— Вы, христиане, добрые люди! Так-то вы отблагодарили нас за гостеприимство? Я думаю, что мой отец Монтесума теперь может быть вполне доволен своими гостями Ах, будь я из его месте — все эти люди уже лежали бы на жертвенных алтарях! Ты говорил мне, что наши боги — дьяволы Кто же тогда эти убийцы, почитающие твоего бога?
Но тут наконец Куаутемок заговорил:
— Нам остается только одно — месть! Монтесума превратился в женщину. Для меня он умер. И если понадобится, я убью его сам, собственными руками! Но в Анауаке еще осталось двое мужчин — мой дядя Куитлауак и я. Хватит! Иду собирать войска!
И Куаутемок ушел.
Всю ночь город гудел, как осиное гнездо, а наутро торговую площадь и все улицы, насколько хватал глав, заполнили десятки тысяч вооруженных воинов, Волна за волной устремлялись они на дворец Ахаякатля и, подобно волнам, разбивающимся об утес, откатывались назад под огнем испанцев. Ацтеки трижды ходили на приступ и трижды отступали. Перед четвертым штурмом на стене появился Монтесума, этот трусливый женоподобный монарх. Он умолял народ разойтись, потому что иначе ему самому грозила гибель, и благоговение ацтеков перед священной императорской властью все еще было так велико, что они прекратили штурм.
Однако расходиться никто не думал.
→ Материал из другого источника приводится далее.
(* Let $\nu\in\mathbb{N}$ and $p\in(0,1)$, and let $G_\nu$ and $g_\nu$ be the c.d.f. and p.d.f. of Student's $t$-distribution with $\nu$ degrees of freedom. For $h\in\mathbb{R}$ and $k\in\mathbb{N}$ let $f_1(h,k):=\int_{-\infty}^{\infty}G_\nu^k(t+h)g_\nu(t)\,dt$. Then there exists $K>0$ such that for every $k>K$ the equation $f_1(h,k)=p$ has a unique positive solution $h$. *)

From Stdlib Require Import Reals.
From Coquelicot Require Import Coquelicot.
Open Scope R_scope.

Definition t_kernel (nu : nat) (t : R) : R :=
  Rpower (1 + t ^ 2 / INR nu) (- (INR nu + 1) / 2).

(* Normalizing constant  int_{-oo}^{+oo} t_kernel  (equals
   sqrt(nu pi) Gamma(nu/2) / Gamma((nu+1)/2)). *)
Definition t_const (nu : nat) : R :=
  RInt_gen (t_kernel nu) (Rbar_locally m_infty) (Rbar_locally p_infty).

Definition t_pdf (nu : nat) (t : R) : R := t_kernel nu t / t_const nu.

Definition t_cdf (nu : nat) (x : R) : R :=
  RInt_gen (t_pdf nu) (Rbar_locally m_infty) (at_point x).

Definition f1 (nu : nat) (h : R) (k : nat) : R :=
  RInt_gen (fun t => (t_cdf nu (t + h)) ^ k * t_pdf nu t)
    (Rbar_locally m_infty) (Rbar_locally p_infty).

From Stdlib Require Import Reals Lra Lia Classical_Pred_Type.
From Coquelicot Require Import Coquelicot.
Open Scope R_scope.

(* The integrand G(t+h)^k g(t) lies between 0 and g and is strictly increasing
   in h, so f1(., k) is strictly increasing and Lipschitz (with constant k sup g).
   At h = 0 it is the derivative of G^(k+1)/(k+1), so f1(0, k) = 1/(k+1) < p once
   k > 1/p, while f1(h, k) >= G(h-A)^k (G(A) - G(-A)) exceeds p for A, then h,
   large enough; the intermediate value theorem gives the unique positive root.
   The improper integrals exist because the primitive of a nonnegative continuous
   function with bounded integrals is monotone and bounded; for the Student kernel
   the bound comes from (1 + t^2/nu)^(-(nu+1)/2) <= nu / (1 + t^2). *)

Lemma continuous_of_ex_derive (f : R -> R) x : ex_derive f x -> continuous f x.
Proof. apply (ex_derive_continuous (K := R_AbsRing) (V := R_NormedModule)). Qed.

Lemma continuous_filterlim (g : R -> R) x y :
  continuous g x -> g x = y -> filterlim g (locally x) (locally y).
Proof. now intros g_cont <-. Qed.

Lemma filterlim_at_point (f : R -> R) x : filterlim f (at_point x) (locally (f x)).
Proof. intros P HP. exact (locally_singleton _ _ HP). Qed.

Lemma filter_prod_m_infty_p_infty_le :
  filter_prod (Rbar_locally m_infty) (Rbar_locally p_infty) (fun ab => fst ab <= snd ab).
Proof.
  apply (Filter_prod _ _ _ (fun a => a < 0) (fun b => 0 < b)); [exists 0; now intros..|].
  simpl. intros. lra.
Qed.

Lemma nondecreasing_bounded_lim_p_infty (f : R -> R) (B : R) :
  (forall x y, x <= y -> f x <= f y) -> (forall x, f x <= B) ->
  exists l, filterlim f (Rbar_locally p_infty) (locally l) /\ forall x, f x <= l.
Proof.
  intros f_incr f_le_B.
  destruct (completeness (fun y => exists x, y = f x)) as [l [l_ub l_least]].
  - exists B. intros y [x ->]. apply f_le_B.
  - now exists (f 0), 0.
  - assert (f_le_l : forall x, f x <= l) by (intros x; apply l_ub; now exists x).
    exists l. split; [|exact f_le_l].
    apply filterlim_locally. intros eps.
    pose proof (cond_pos eps) as eps_pos.
    assert (near_sup : exists x0, l - eps < f x0).
    { apply not_all_not_ex. intros no_x0.
      assert (l <= l - eps); [|lra].
      apply l_least. intros y [x ->]. now apply Rnot_lt_le. }
    destruct near_sup as [x0 Hx0]. exists x0. intros x Hx.
    change (Rabs (f x - l) < eps). specialize (f_le_l x).
    assert (f x0 <= f x) by (apply f_incr; lra).
    apply Rabs_def1; lra.
Qed.

Lemma nondecreasing_bounded_lim_m_infty (f : R -> R) (B : R) :
  (forall x y, x <= y -> f x <= f y) -> (forall x, B <= f x) ->
  exists l, filterlim f (Rbar_locally m_infty) (locally l) /\ forall x, l <= f x.
Proof.
  intros f_incr B_le_f.
  destruct (nondecreasing_bounded_lim_p_infty (fun x => - f (- x)) (- B))
    as [l [lim_l le_l]].
  - intros x y Hxy. apply Ropp_le_contravar, f_incr. lra.
  - intros x. specialize (B_le_f (- x)). lra.
  - exists (- l). split.
    + apply filterlim_locally. intros eps.
      destruct (proj1 (filterlim_locally _ _) lim_l eps) as [M HM].
      exists (- M). intros x Hx. specialize (HM (- x) ltac:(lra)).
      change (Rabs (- f (- - x) - l) < eps) in HM. change (Rabs (f x - - l) < eps).
      rewrite Ropp_involutive in HM.
      replace (f x - - l) with (- (- f x - l)) by ring. now rewrite Rabs_Ropp.
    + intros x. specialize (le_l (- x)). rewrite Ropp_involutive in le_l. lra.
Qed.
Раз Монтесума запретил убивать испанцев, решено было уморить их голодом, и с этого часа началась глухая блокада дворца.
В первом сражении погибли сотни ацтекских воинов, но осажденные понесли более ощутимые потери. Ацтеки захватили в плен нескольких испанцев и множество их союзников тласкаланцев. Несчастных пленников тут же втащила на большой теокалли и принесли в жертву перед храмами на глазах их товарищей.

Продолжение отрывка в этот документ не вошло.